Xihao Li, “Statistical methods for integrative analysis of large-scale whole-genome sequencing studies”

When: Feb 28th, 13:30-14:30
Where: Tyler 049
Abstract: Large-scale whole genome sequencing (WGS) studies have enabled the analysis of rare variants (RVs) associated with complex human traits. There are several challenges in analyzing WGS data, including computation scalability, limited scope to integrate variant biological functions, and lack of ability to leverage summary statistics across multiple studies. In this talk, I will present two recent methods to address these challenges. First, we propose STAAR (variant-Set Test for Association using Annotation infoRmation), a scalable and powerful RV association test method that effectively integrates both variant functional categories and multiple complementary annotations using a dynamic weighting scheme.
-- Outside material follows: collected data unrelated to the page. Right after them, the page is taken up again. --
Lemma dR_comm a e u : dR a (dR e u) = sgn (isodd a * isodd e) *: dR e (dR a u).
Proof.
case: a => [j|t]; case: e => [i|r] /=; rewrite /sgn ?expr0 ?scale1r;
  apply/ffunP=> U; rewrite !ffunE.
- by rewrite mderiv_comm.
- by case: ifP => _; rewrite ?mderiv0 // mderivZ.
- by case: ifP => _; rewrite ?mderiv0 // mderivZ.
case: (eqVneq t r) => [<-|ntr]; first by rewrite !setU11 /= !scaler0 !if_same scaler0.
case: (boolP (t \in U)) => tU.
  by rewrite /= in_setU1 tU orbT /= !scaler0 if_same scaler0.
case: (boolP (r \in U)) => rU; first by rewrite /= in_setU1 rU orbT /= !scaler0.
rewrite /= !in_setU1 (negbTE tU) (negbTE rU) ?orbF (negbTE ntr) eq_sym (negbTE ntr).
rewrite !card_ltU1 // setUCA !scalerA; congr (_ *: _).
rewrite !exprD; case: ltngtP ntr => h ntr //=; try ring.
by rewrite (ord_inj h) eqxx in ntr.
Qed.

Lemma br_fieldR_const p u e b : parityR p u ->
  br (fieldR u e) (fieldR (monoR 0 set0) b) =
  - (-1) ^+ ((p (+) odd (isodd e)) && odd (isodd b)) *: fieldR (dR b u) e.
Proof.
move=> hu; rewrite (br_fieldR _ _ _ _ _ _ hu (parityR_mono _ _)) dR_monoR0 mulR0r fieldR0.
by rewrite sub0r mulR1l cards0 scaleNr.
Qed.

Lemma br_const_eb a z b :
  br (fieldR (monoR 0 set0) a) (eb F z b) = (a == z)%:R *: fieldR (monoR 0 set0) b.
Proof.
rewrite ebE (br_fieldR _ _ _ _ _ _ (parityR_mono _ _) (parityR_var _)) dR_monoR0 mulR0r.
by rewrite fieldR0 scaler0 subr0 dR_var mulR1l fieldRZ.
Qed.

(* ad d_a sends z d_b to (a == z) d_b, so the supertrace of ad(u d_e) ad(d_a)
   reduces to the single basis vector a d_e, where it is read off d_a d_e u. *)
Lemma supertr_br_const p u e a : parityR p u ->
  supertr (br (fieldR u e) (fieldR (monoR 0 set0) a)) =
  str0 (fun x => br (fieldR u e) (br (fieldR (monoR 0 set0) a) x)).
Proof.
move=> hu; rewrite (br_fieldR_const _ _ _ _ hu) supertrZ supertr_fieldR /str0.
rewrite (bigD1 a) //= [X in _ + X]big1 ?addr0; last first.
  move=> z nz; apply: big1 => b _.
  by rewrite br_const_eb eq_sym (negbTE nz) scale0r br0r coord_coordR ffunE coordR0 mulr0.
have brE b : br (fieldR u e) (br (fieldR (monoR 0 set0) a) (eb F a b)) =
    - (-1) ^+ ((p (+) odd (isodd e)) && odd (isodd b)) *: fieldR (dR b u) e.
  by rewrite br_const_eb eqxx scale1r (br_fieldR_const _ _ _ _ hu).
rewrite (bigD1 e) //= [X in _ + X]big1 ?addr0; last first.
  move=> b nb.
  by rewrite brE coord_coordR scaleGE coordRZ coordR_fieldR (negbTE nb) mul0r !mulr0.
rewrite brE coord_coordR scaleGE coordRZ coordR_fieldR eqxx mul1r.
rewrite !coordR_cst dR_comm cstZ.
case: (boolP ((p (+) odd (isodd e)) (+) odd (isodd a))) => hp.
  by rewrite cst_odd ?mulr0 // -hp; apply: parityR_dR; apply: parityR_dR.
rewrite /sgn {brE}; case: a hp => [j|t]; case: e => [i|r]; case: (p) => //= _; ring.
Qed.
For the latter, we introduce ‘annotation principal components’, multidimensional summaries of in silico variant annotations. STAAR accounts for population structure and relatedness and is scalable for analyzing biobank-scale whole-genome sequencing studies of continuous and dichotomous traits. Second, we propose MetaSTAAR, a resource-efficient RV meta-analysis framework, for large-scale WGS association studies. By storing the linkage disequilibrium (LD) information of rare variant score statistics in a new sparse matrix format, MetaSTAAR is storage efficient and computationally scalable for analyzing large-scale WGS data, producing results comparable to using pooled individual-level data. We applied STAAR and MetaSTAAR to identify RVs associated with four lipid traits in a total of 30,138 ancestrally diverse and related samples from 14 studies of the Trans-Omics for Precision Medicine (TOPMed) Program. We discovered and replicated several conditionally significant RV associations with lipid traits, including disruptive missense RVs of NPC1L1 associated with low-density lipoprotein cholesterol.